Слишком хорошая. Слишком дорогая. Нильс совершенно этим не интересовался, но бывали периоды, когда Катрине не говорила ни о чем другом, так что мало-помалу он начал немного разбираться в дизайнерской мебели. Вегенер. Могенсен. Клинт. Якобсен. Если вся мебель на этой даче настоящая, она стоит целое состояние.
Пара блестящих кошачьих глаз с любопытством рассматривала Нильса, пока он сам осматривался в доме. В гостиной царил ужасный беспорядок. Столы были заставлены тарелками и грязными чашками, на полу валялись кошачьи игрушки, туфли и старые журналы, на одной из балок сушилось белье. Черное пианино загораживало большую часть одной стены, другая была заставлена книгами. Бардак не вязался с дорогой мебелью, хотя в этом и была какая-то своя правда: приятно видеть, что этой мебелью пользуются. В тех редких случаях, когда Нильс и Катрине вдвоем заходили в гости к кому-нибудь из ее коллег-архитекторов — чаще всего Нильс пытался как-то от этого отвертеться, — его неизменно настигало беспокойство. Из-за явного своего несоответствия антуражу. Ему было неприятно стоять столбом в дорогущей квартире в районе Эстебро, потягивать из бокала белое вино Corton Charlemange, шестьсот крон за бутылку, в окружении самой дорогой в Европе мебели, и не решаться присесть на диван. Катрине только смеялась над ним.
— Это Густав-то хороший человек? — спросила Ханна, подавляя усмешку и протягивая ему чашку кофе. — Вы уверены, что не ошиблись?
— Все остальные говорят примерно то же самое. Кроме Красного Креста. — Помешивая растворимый кофе в чашке, Нильс заметил маленькую фотографию в рамке: высокий тощий подросток и Ханна. Они с сыном снялись в обнимку на фоне Маятника Фуко в Париже.
— Но почему вдруг Густав?
— Это компьютер так отфильтровал. Из-за его слов на вручении премии.

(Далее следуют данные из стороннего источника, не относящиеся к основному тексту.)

(* For all $n,k\in\mathbb Z$, \[ \binom{n}{k}_w=\binom{n}{n-k}_{\widehat w}\prod_{j=1}^{k}W(j,n-k), \] where $\widehat w(s,t)=w(t,s)^{-1}$.
   Context: $(w(s,t))_{s,t\in\mathbb Z}$ are commuting invertible variables. Product convention: $\prod_{j=l}^m A_j=A_l\cdots A_m$ if $m>l-1$, $=1$ if $m=l-1$, $=A_{l-1}^{-1}\cdots A_{m+1}^{-1}$ if $m<l-1$. For any such weight family $v$, set $W_v(s,t)=\prod_{j=1}^t v(s,j)$ (and $W=W_w$), and let $\binom{n}{k}_v$ ($n,k\in\mathbb Z$) be the unique family with $\binom{n}{0}_v=\binom{n}{n}_v=1$ for all $n\in\mathbb Z$ and $\binom{n+1}{k}_v=\binom{n}{k}_v+\binom{n}{k-1}_v W_v(k,n+1-k)$ for all $n,k$ with $(n+1,k)\ne(0,0)$. *)

From HB Require Import structures.
From mathcomp Require Import all_boot all_order all_algebra.
Set Implicit Arguments. Unset Strict Implicit. Unset Printing Implicit Defensive.
Import Order.TTheory GRing.Theory Num.Theory.
Local Open Scope ring_scope.

(* Integer-bounded product with the paper's convention:
   zprod l m A = A l * ... * A m              if m > l - 1,
               = 1                            if m = l - 1,
               = A (l-1)^-1 * ... * A (m+1)^-1 if m < l - 1. *)
Definition zprod (R : comUnitRingType) (l m : int) (A : int -> R) : R :=
  if (l - 1 <= m)%R then \prod_(i < absz (m - l + 1)%R) A (l + (i : nat)%:Z)%R
  else \prod_(i < absz (l - 1 - m)%R) (A (m + 1 + (i : nat)%:Z)%R)^-1.

Definition Wt (R : comUnitRingType) (v : int -> int -> R) (s t : int) : R :=
  zprod 1 t (fun j => v s j).

Definition what (R : comUnitRingType) (w : int -> int -> R) : int -> int -> R :=
  fun s t => (w t s)^-1.

Definition is_wbinom (R : comUnitRingType) (v : int -> int -> R)
    (B : int -> int -> R) : Prop :=
  [/\ forall n : int, B n 0 = 1,
      forall n : int, B n n = 1 &
      forall n k : int, (n + 1, k) <> (0, 0) ->
        B (n + 1) k = B n k + B n (k - 1) * Wt v k (n + 1 - k)].

From HB Require Import structures.
From mathcomp Require Import all_boot all_order all_algebra.
From mathcomp Require Import zify ring.
Set Implicit Arguments. Unset Strict Implicit. Unset Printing Implicit Defensive.
Import Order.TTheory GRing.Theory Num.Theory.
Local Open Scope ring_scope.

(* Write Wrect w n k for the product of w over the rectangle [1, k] x [1, n - k].
   The family C n k := Bh n (n - k) * Wrect w n k is itself a w-binomial family:
   multiplying the ŵ-recurrence of Bh at (n, n + 1 - k) by Wrect w (n + 1) k
   gives the w-recurrence of C at (n, k), since the new row of the rectangle
   cancels the ŵ-weight and the new column contributes W(k, n + 1 - k).  The
   theorem then follows from uniqueness.  The difference D of two solutions
   vanishes on column 0 and on the diagonal, and as all weights are units, any
   two vanishing entries among D (n + 1) k, D n k, D n (k - 1) force the third;
   propagating along diagonals kills D off the band 0 < k < n, and then
   row by row everywhere. *)

Section IntegerProducts.
Variable R : comUnitRingType.
Implicit Types (l m : int) (A B : int -> R).

Lemma eq_zprod l m A B : A =1 B -> zprod l m A = zprod l m B.
Proof. by move=> eAB; rewrite /zprod; case: ifP => _; apply: eq_bigr => i _; rewrite eAB. Qed.

Lemma zprod1 l m : zprod l m (fun=> 1 : R) = 1.
Proof. by rewrite /zprod; case: ifP => _; apply: big1 => i _; rewrite ?invr1. Qed.

Lemma zprod_empty l A : zprod l (l - 1) A = 1.
Proof.
rewrite /zprod lexx; have -> : l - 1 - l + 1 = 0 by ring.
by rewrite big_ord0.
Qed.

Section Units.
Variable A : int -> R.
Hypothesis A_unit : forall j, A j \is a GRing.unit.

Lemma zprod_unit l m : zprod l m A \is a GRing.unit.
Proof. by rewrite /zprod; case: ifP => _; apply: unitr_prod => i _; rewrite ?unitrV. Qed.

Lemma zprodV l m : zprod l m (fun j => (A j)^-1) = (zprod l m A)^-1.
Proof. by rewrite /zprod; case: ifP => _; rewrite prodrV // => i _; rewrite ?unitrV. Qed.

Lemma zprodM B l m : (forall j, B j \is a GRing.unit) ->
  zprod l m (fun j => A j * B j) = zprod l m A * zprod l m B.
Proof.
move=> B_unit; rewrite /zprod; case: ifP => _; rewrite -big_split //=.
by apply: eq_bigr => i _; rewrite invrM // mulrC.
Qed.

Lemma zprodSr l m : zprod l m A = zprod l (m - 1) A * A m.
Proof.
rewrite /zprod; case: (lerP (l - 1) (m - 1)) => [lm1 | ml1].
  have -> : (l - 1 <= m) = true by lia.
  have -> : absz (m - l + 1)%R = (absz (m - 1 - l + 1)%R).+1 by lia.
  by rewrite big_ord_recr /=; congr (_ * A _); lia.
case: (lerP (l - 1) m) => [lm | ml].
  have -> : m = l - 1 by lia.
  have -> : absz (l - 1 - l + 1)%R = 0%N by lia.
  have -> : absz (l - 1 - (l - 1 - 1))%R = 1%N by lia.
  by rewrite big_ord0 big_ord1 addr0 subrK mulVr.
have -> : absz (l - 1 - (m - 1))%R = (absz (l - 1 - m)%R).+1 by lia.
rewrite big_ord_recl addr0 subrK mulrAC mulVr ?mul1r //.
by apply: eq_bigr => i _; rewrite -addrA -PoszD.
Qed.

End Units.
End IntegerProducts.

Section Weights.
Variables (R : comUnitRingType) (v : int -> int -> R).
Hypothesis v_unit : forall s t, v s t \is a GRing.unit.

Lemma Wt_unit s t : Wt v s t \is a GRing.unit.
Proof. exact: zprod_unit. Qed.

Lemma Wt0 s : Wt v s 0 = 1.
Proof. exact: zprod_empty. Qed.

Lemma WtSr s t : Wt v s t = Wt v s (t - 1) * v s t.
Proof. exact: zprodSr. Qed.

Lemma Wt_what s t : Wt (what v) s t = (zprod 1 t (fun j => v j s))^-1.
Proof. exact: zprodV. Qed.

End Weights.

Section Homogeneous.
Variables (R : comUnitRingType) (D c : int -> int -> R).
Hypotheses (D_col0 : forall n, D n 0 = 0) (D_diag : forall n, D n n = 0).
Hypothesis D_rec : forall n k, (n + 1, k) <> (0, 0) ->
  D (n + 1) k = D n k + D n (k - 1) * c n k.
Hypothesis c_unit : forall n k, c n k \is a GRing.unit.

(* At the excluded corner (n + 1, k) = (0, 0) the boundary values
   D 0 0 = D (-1) (-1) = 0 take over, so the next three lemmas hold everywhere. *)

Lemma vanish_down n k : D n k = 0 -> D n (k - 1) = 0 -> D (n + 1) k = 0.
Proof.
case: (eqVneq (n + 1, k) (0, 0)) => [[-> ->] | /eqP nk0]; first by rewrite D_col0.
by rewrite D_rec // => -> ->; rewrite mul0r addr0.
Qed.

Lemma vanish_right n k : D (n + 1) k = 0 -> D n (k - 1) = 0 -> D n k = 0.
Proof.
case: (eqVneq (n + 1, k) (0, 0)) => [[_ ->] | /eqP nk0]; first by rewrite D_col0.
by rewrite D_rec // => eSn ekp; rewrite ekp mul0r addr0 in eSn.
Qed.

Lemma vanish_left n k : D (n + 1) k = 0 -> D n k = 0 -> D n (k - 1) = 0.
Proof.
case: (eqVneq (n + 1, k) (0, 0)) => [[n1 ->] | /eqP nk0].
  by have -> : n = 0 - 1 by rewrite -n1 addrK.
rewrite D_rec // => eSn ek; rewrite ek add0r in eSn.
by apply: (mulIr (c_unit n k)); rewrite eSn mul0r.
Qed.

Lemma vanish_above_diag (j : nat) n : D n (n + j%:Z) = 0.
Proof.
elim: j n => [|j IH] n; first by rewrite addr0.
rewrite intS addrA; apply: vanish_right; first exact: IH.
by rewrite addrAC addrK.
Qed.

Lemma vanish_nonpos (j : nat) n : D n (- j%:Z) = 0.
Proof.
elim: j n => [|j IH] n; first exact: D_col0.
by rewrite intS opprD addrC; apply: vanish_left.
Qed.

Lemma homog_wbinom_eq0 n k : D n k = 0.
Proof.
have off_band n' k' : (k' <= 0) || (n' <= k') -> D n' k' = 0.
  case/orP=> [k'_le0 | n'_le_k'].
    have [j ->] : exists j : nat, k' = - j%:Z by exists (absz k'); lia.
    exact: vanish_nonpos.
  have [j ->] : exists j : nat, k' = n' + j%:Z by exists (absz (k' - n')); lia.
  exact: vanish_above_diag.
have rows_nat (m : nat) k' : D m k' = 0.
  elim: m k' => [|m IH] k'; first by apply: off_band; lia.
  by rewrite -addn1 PoszD; apply: vanish_down; apply: IH.
by case: n => m; [exact: rows_nat | apply: off_band; lia].
Qed.

End Homogeneous.

Lemma is_wbinom_uniq (R : comUnitRingType) (v : int -> int -> R) E F :
  (forall s t, v s t \is a GRing.unit) ->
  is_wbinom v E -> is_wbinom v F -> E =2 F.
Proof.
move=> v_unit [E_col0 E_diag E_rec] [F_col0 F_diag F_rec] n k.
apply/eqP; rewrite -subr_eq0; apply/eqP.
apply: (@homog_wbinom_eq0 _ (fun n k => E n k - F n k) (fun n k => Wt v k (n + 1 - k))).
- by move=> m; rewrite E_col0 F_col0 subrr.
- by move=> m; rewrite E_diag F_diag subrr.
- by move=> m j mj; rewrite E_rec // F_rec //; ring.
- by move=> m j; apply: Wt_unit.
Qed.

Definition Wrect (R : comUnitRingType) (v : int -> int -> R) (n k : int) : R :=
  zprod 1 k (fun j => Wt v j (n - k)).

Section Duality.
Variables (R : comUnitRingType) (w : int -> int -> R).
Hypothesis w_unit : forall s t, w s t \is a GRing.unit.

Lemma Wrect_col0 n : Wrect w n 0 = 1.
Proof. exact: zprod_empty. Qed.

Lemma Wrect_diag n : Wrect w n n = 1.
Proof. by rewrite /Wrect subrr (eq_zprod _ _ (fun j => Wt0 w j)) zprod1. Qed.

Lemma WrectSn_col n k : Wrect w (n + 1) k = Wrect w n (k - 1) * Wt w k (n + 1 - k).
Proof.
rewrite /Wrect zprodSr; last by move=> j; apply: Wt_unit.
by have -> : n - (k - 1) = n + 1 - k by ring.
Qed.

Lemma WrectSn_row n k :
  Wrect w (n + 1) k = Wrect w n k * zprod 1 k (fun j => w j (n + 1 - k)).
Proof.
rewrite /Wrect -zprodM //; last by move=> j; apply: Wt_unit.
apply: eq_zprod => j; rewrite WtSr //.
by have -> : n + 1 - k - 1 = n - k by ring.
Qed.

Lemma Wt_what_WrectSn n k :
  Wt (what w) (n + 1 - k) k * Wrect w (n + 1) k = Wrect w n k.
Proof.
rewrite Wt_what // WrectSn_row mulrCA mulVr ?mulr1 //.
exact: zprod_unit.
Qed.

Lemma is_wbinom_dual Bh : is_wbinom (what w) Bh ->
  is_wbinom w (fun n k => Bh n (n - k) * Wrect w n k).
Proof.
move=> [Bh_col0 Bh_diag Bh_rec]; split=> [n | n | n k nk0].
- by rewrite subr0 Bh_diag Wrect_col0 mulr1.
- by rewrite subrr Bh_col0 Wrect_diag mulr1.
rewrite Bh_rec; last by case=> n1 nk; apply: nk0; congr (_, _); lia.
have -> : n + 1 - k - 1 = n - k by ring.
have -> : n + 1 - (n + 1 - k) = k by ring.
have -> : n - (k - 1) = n + 1 - k by ring.
by rewrite mulrDl -mulrA Wt_what_WrectSn WrectSn_col; ring.
Qed.

End Duality.

Theorem theorem5 (R : comUnitRingType) (w : int -> int -> R)
    (hw : forall s t : int, w s t \is a GRing.unit)
    (B Bh : int -> int -> R) :
  is_wbinom w B -> is_wbinom (what w) Bh ->
  forall n k : int,
    B n k = Bh n (n - k) * zprod 1 k (fun j => Wt w j (n - k)).
Proof.
move=> hB hBh; apply: (is_wbinom_uniq hw hB).
exact: is_wbinom_dual.
Qed.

— «В конце концов мир спасет математика».
— Да, именно.
— И тут имя Густава высветилось на экране.
— Густав — ваш бывший муж?
Он наблюдал за ней, пока она обдумывала свое семейное положение. Сколько ей лет — сорок? Сорок пять? В ней было что-то беспорядочное, что гармонировало с домом, немного мрачным, неприбранным, но интересным и сложным. У нее были серьезные темные глаза и русые взъерошенные волосы ниже плеч; казалось, она только недавно встала с постели. Она сняла туфли и ходила босиком, хотя пол был холодный. Джинсы, белая рубашка, нежная светлая кожа. Худая. Она не была красивой, так что Нильс, не будь он так занят, непременно задумался бы о том, почему она ему нравится. Ответ, сказал он себе, оказался бы очень прост: она не носила лифчик, и Нильс видел сквозь ткань рубашки больше, чем хотелось бы хозяйке дома.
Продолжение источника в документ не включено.